Rising demand for miniaturization coupled with advancement in technology that leads to the availability of better quality ferrite magnets and neo magnets with lesser dysprosium content, will drive the permanent magnets market to $18.8 billion by 2018.

The permanent magnet market is witnessing very high growth on account of rising demand for efficiency and increased electrification in all facets of life. The demand for permanent magnets is growing, especially from the automotive and wind energy sectors. It is increasingly used for electric power steering, electric vehicles, and hybrid vehicles. The wind turbine market is another major growth area for permanent magnet. China is a dominant player in the rare earth permanent magnet.

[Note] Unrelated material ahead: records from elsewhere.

(* The tensor product of effect algebras, $\otimes\colon\mathbf{EA}\times\mathbf{EA}\to\mathbf{EA}$, is a left Kan extension of the functor $E\circ *\colon\mathbf{FinBool}\times\mathbf{FinBool}\to\mathbf{EA}$ along $E\times E\colon\mathbf{FinBool}\times\mathbf{FinBool}\to\mathbf{EA}\times\mathbf{EA}$. That is, $$\otimes\cong\mathrm{Lan}_{E\times E}(E\circ * ).$$
   Context: Effect algebras are partial algebras $(A;+,0,1)$ satisfying the Foulis–Bennett axioms; one-element effect algebras are allowed. Morphisms preserve $1$ and defined sums; $\mathbf{EA}$ is the category. Boolean algebras are effect algebras via: $x+y$ is defined iff $x\wedge y=0$, and then $x+y=x\vee y$. For $[n]=\{1,\dots,n\}$, $\mathbf{FinBool}$ is the full subcategory of Boolean algebras on the objects $2^{[n]}$, $n\in\mathbb N$. $E\colon\mathbf{FinBool}\to\mathbf{EA}$ is the fully faithful inclusion, and $*\colon\mathbf{FinBool}\times\mathbf{FinBool}\to\mathbf{FinBool}$ is the coproduct (free product) of finite Boolean algebras. A bimorphism from $A,B$ to $C$ is a map $h\colon A\times B\to C$ with $h(1,1)=1$ that is additive (preserving orthogonality and sums) in each argument separately. The tensor product $A\otimes B$ is the universal (initial) bimorphism out of $A\times B$. It is functorial in $(A,B)$ via the universal property. *)

From HB Require Import structures.
From mathcomp Require Import all_boot.
Set Implicit Arguments. Unset Strict Implicit. Unset Printing Implicit Defensive.

(** * Effect algebras (Foulis--Bennett).  The partial sum is [ea_sum : A -> A -> option A];
    [a + b] is defined iff [ea_sum a b = Some _]. One-element effect algebras are allowed. *)
Record EffAlg := {
  ea_car :> Type;
  ea_sum : ea_car -> ea_car -> option ea_car;
  ea_zero : ea_car;
  ea_one : ea_car;
  ea_comm : forall a b, ea_sum a b = ea_sum b a;
  ea_assoc : forall a b c bc, ea_sum b c = Some bc -> ea_sum a bc <> None ->
     exists ab, ea_sum a b = Some ab /\ ea_sum ab c = ea_sum a bc;
  ea_orthosupp : forall a, exists! a', ea_sum a a' = Some ea_one;
  ea_zero_one : forall a, ea_sum a ea_one <> None -> a = ea_zero }.
Arguments ea_sum : clear implicits.
Arguments ea_zero : clear implicits.
Arguments ea_one : clear implicits.

Record EAHom (A B : EffAlg) := {
  eh :> A -> B;
  eh_one : eh (ea_one A) = ea_one B;
  eh_sum : forall a b c, ea_sum A a b = Some c -> ea_sum B (eh a) (eh b) = Some (eh c) }.

Lemma eh_id_one (A : EffAlg) : (fun x : A => x) (ea_one A) = ea_one A.
Proof. by []. Qed.
Lemma eh_id_sum (A : EffAlg) a b c : ea_sum A a b = Some c ->
  ea_sum A ((fun x : A => x) a) ((fun x : A => x) b) = Some ((fun x : A => x) c).
Proof. by []. Qed.
Definition EAid (A : EffAlg) : EAHom A A := Build_EAHom (@eh_id_one A) (@eh_id_sum A).

Section EAComp.
Variables (A B C : EffAlg) (g : EAHom B C) (f : EAHom A B).
Lemma eh_comp_one : (fun x => g (f x)) (ea_one A) = ea_one C.
Proof. by rewrite /= !eh_one. Qed.
Lemma eh_comp_sum a b c : ea_sum A a b = Some c ->
  ea_sum C ((fun x => g (f x)) a) ((fun x => g (f x)) b) = Some ((fun x => g (f x)) c).
Proof. by move=> H; apply: eh_sum; apply: eh_sum. Qed.
Definition EAcomp : EAHom A C := Build_EAHom eh_comp_one eh_comp_sum.
End EAComp.

Record EABimor (A B C : EffAlg) := {
  bim :> A -> B -> C;
  bim_one : bim (ea_one A) (ea_one B) = ea_one C;
  bim_l : forall b a a' c, ea_sum A a a' = Some c ->
            ea_sum C (bim a b) (bim a' b) = Some (bim c b);
  bim_r : forall a b b' c, ea_sum B b b' = Some c ->
            ea_sum C (bim a b) (bim a b') = Some (bim a c) }.

Section BimComp.
Variables (A B A' B' C : EffAlg) (h : EABimor A' B' C) (f : EAHom A A') (g : EAHom B B').
Lemma bimc_one : (fun a b => h (f a) (g b)) (ea_one A) (ea_one B) = ea_one C.
Proof. by rewrite /= !eh_one bim_one. Qed.
Lemma bimc_l b a a' c : ea_sum A a a' = Some c ->
  ea_sum C ((fun a b => h (f a) (g b)) a b) ((fun a b => h (f a) (g b)) a' b)
    = Some ((fun a b => h (f a) (g b)) c b).
Proof. by move=> H; apply: bim_l; apply: eh_sum. Qed.
Lemma bimc_r a b b' c : ea_sum B b b' = Some c ->
  ea_sum C ((fun a b => h (f a) (g b)) a b) ((fun a b => h (f a) (g b)) a b')
    = Some ((fun a b => h (f a) (g b)) a c).
Proof. by move=> H; apply: bim_r; apply: eh_sum. Qed.
Definition bim_comp : EABimor A B C := Build_EABimor bimc_one bimc_l bimc_r.
End BimComp.

Record EATensor := {
  tens : EffAlg -> EffAlg -> EffAlg;
  tau : forall A B, EABimor A B (tens A B);
  tlift : forall A B C, EABimor A B C -> EAHom (tens A B) C;
  tlift_tau : forall A B C (h : EABimor A B C) a b, tlift h (tau A B a b) = h a b;
  tlift_uniq : forall A B C (h : EABimor A B C) (k : EAHom (tens A B) C),
     (forall a b, k (tau A B a b) = h a b) -> forall x, k x = tlift h x }.

Definition tmap (T : EATensor) (A A' B B' : EffAlg) (f : EAHom A A') (g : EAHom B B')
  : EAHom (tens T A B) (tens T A' B') :=
  tlift T (bim_comp (tau T A' B') f g).

(** * FinBool: objects [n : nat], standing for the Boolean algebra 2^[n] = {set 'I_n};
    morphisms are Boolean algebra homomorphisms. *)
Record BHom (n m : nat) := {
  bh :> {set 'I_n} -> {set 'I_m};
  bh_one : bh setT = setT;
  bh_zero : bh set0 = set0;
  bh_join : forall X Y, bh (X :|: Y) = bh X :|: bh Y;
  bh_meet : forall X Y, bh (X :&: Y) = bh X :&: bh Y;
  bh_compl : forall X, bh (~: X) = ~: bh X }.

Permanent magnet are made of diverse materials that range from ferrite to rare earth elements. NdFeB permanent magnet, due to their wide areas of applications and numerous advantages, are used in most of the industries. Hence they dominated the market. Presently, China has the monopoly in the supply of rare earth minerals that are necessary to produce rare earth magnets. It has huge reserves of rare earth minerals that account for 23% of the world's total rare earth reserves. China produces a vast quantity of two primarily important rare earth minerals required to produce , dysprosium (production share of 99%) and neodymium (production share of 95%).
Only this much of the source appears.